(* Let $n\ge1$. The number of symmetric Brauer diagrams on $2n$ strands equals $a_{2n}$, where $a_0=a_1=1$ and $a_m=a_{m-1}+2(m-1)a_{m-2}$ for $m>1$. Consequently, $\mathrm{SBr}(\mathrm{A}_{2n-1})$ is a $\mathbb{Z}[\delta^{\pm1}]$-subalgebra of $\mathrm{Br}(\mathrm{A}_{2n-1})$, free over $\mathbb{Z}[\delta^{\pm1}]$ of rank $a_{2n}$.
   Context: $\mathrm{Br}(\mathrm{A}_{2n-1})$ denotes the classical Brauer algebra on $2n$ strands over $\mathbb{Z}[\delta^{\pm1}]$: it is free with basis the Brauer diagrams, i.e. perfect matchings of the $4n$ dots $(j,1),(j,0)$, $1\le j\le 2n$, with multiplication by concatenation where each closed loop formed is replaced by a factor $\delta$. A Brauer diagram is symmetric if it is invariant under the reflection $(j,\epsilon)\mapsto(2n+1-j,\epsilon)$ of the dots. $\mathrm{SBr}(\mathrm{A}_{2n-1})$ is the $\mathbb{Z}[\delta^{\pm1}]$-linear span of the symmetric Brauer diagrams. *)

From HB Require Import structures.
From mathcomp Require Import all_boot all_order all_algebra.
Set Implicit Arguments. Unset Strict Implicit. Unset Printing Implicit Defensive.
Import GRing.Theory.

(* Dots on N strands: (j, eps) with j : 'I_N (0-based, j = 0 is strand 1)
   and eps = true for the top row (j,1), false for the bottom row (j,0). *)
Definition dot (N : nat) := ('I_N * bool)%type.

(* A raw map on dots; Brauer diagrams are those that are perfect matchings,
   i.e. fixed-point-free involutions (x is matched with d x). *)
Definition diagram (N : nat) := {ffun dot N -> dot N}.

Definition is_brauer N (d : diagram N) : bool :=
  [forall x, (d (d x) == x) && (d x != x)].

(* The reflection (j, eps) |-> (N+1-j, eps) (1-based), i.e. rev_ord. *)
Definition refl_dot N (x : dot N) : dot N := (rev_ord x.1, x.2).

Definition is_symmetric N (d : diagram N) : bool :=
  [forall x, d (refl_dot x) == refl_dot (d x)].

Definition is_sym_brauer N (d : diagram N) := is_brauer d && is_symmetric d.

Fixpoint a (m : nat) : nat :=
  match m with
  | 0 | 1 => 1
  | S ((S p) as q) => a q + 2 * q * a p
  end.

(* Concatenation d1 . d2 : d1 on top of d2; bottom dot (k,0) of d1 is
   identified with top dot (k,1) of d2.  The top row of the result is the
   top row of d1, the bottom row is the bottom row of d2. *)
(* walk N d1 d2 fuel y : y is a dot of d1 just reached; follow the strand. *)
Fixpoint walk N (d1 d2 : diagram N) (fuel : nat) (y : dot N) : dot N :=
  if y.2 then y
  else match fuel with
       | 0 => y
       | S f => let z := d2 (y.1, true) in
                if ~~ z.2 then z else walk d1 d2 f (d1 (z.1, false))
       end.

Definition conc N (d1 d2 : diagram N) : diagram N :=
  [ffun x : dot N =>
     if x.2 then walk d1 d2 N.+1 (d1 x)
     else let z := d2 x in
          if ~~ z.2 then z else walk d1 d2 N.+1 (d1 (z.1, false))].

(* Closed loops: components of the middle row (identified points k) which
   contain no point connected to the top of d1 or the bottom of d2. *)
Definition mid_rel N (d1 d2 : diagram N) : rel 'I_N :=
  fun k k' => (d1 (k, false) == (k', false)) || (d2 (k, true) == (k', true)).

Definition mid_open N (d1 d2 : diagram N) (k : 'I_N) : bool :=
  (d1 (k, false)).2 || ~~ (d2 (k, true)).2.

Definition loops N (d1 d2 : diagram N) : nat :=
  #|[set k : 'I_N | (fingraph.root (mid_rel d1 d2) k == k) &&
        [forall k', connect (mid_rel d1 d2) k k' ==> ~~ mid_open d1 d2 k']]|.

(* Elements of Br(A_{N-1}) over R: coefficient functions on diagrams,
   supported on Brauer diagrams (the basis). *)
Notation elt R N := {ffun diagram N -> (GRing.ComUnitRing.sort R)^o}.

Definition inBr (R : comUnitRingType) N (f : elt R N) : bool :=
  [forall d, (f d != 0%R) ==> is_brauer d].

Definition inSBr (R : comUnitRingType) N (f : elt R N) : bool :=
  [forall d, (f d != 0%R) ==> is_sym_brauer d].

Definition bmul (R : comUnitRingType) (delta : R) N (f g : elt R N) : elt R N :=
  [ffun d => (\sum_(d1 | is_brauer d1) \sum_(d2 | is_brauer d2)
      (conc d1 d2 == d)%:R * (f d1 * g d2) * delta ^+ loops d1 d2)%R].

Definition id_diag N : diagram N := [ffun x : dot N => (x.1, ~~ x.2)].

Definition bone (R : comUnitRingType) N : elt R N :=
  [ffun d => ((d == id_diag N)%:R)%R].

From HB Require Import structures.
From mathcomp Require Import all_boot all_order all_algebra.
From mathcomp Require Import zify.
Import GRing.Theory.
Set Implicit Arguments. Unset Strict Implicit. Unset Printing Implicit Defensive.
##########
> **DESCRIPTION OF THE TASK**
A single number is the reply: the count of lines in the entries above that have the word "forall".

> **SOLVED PROBLEM**
5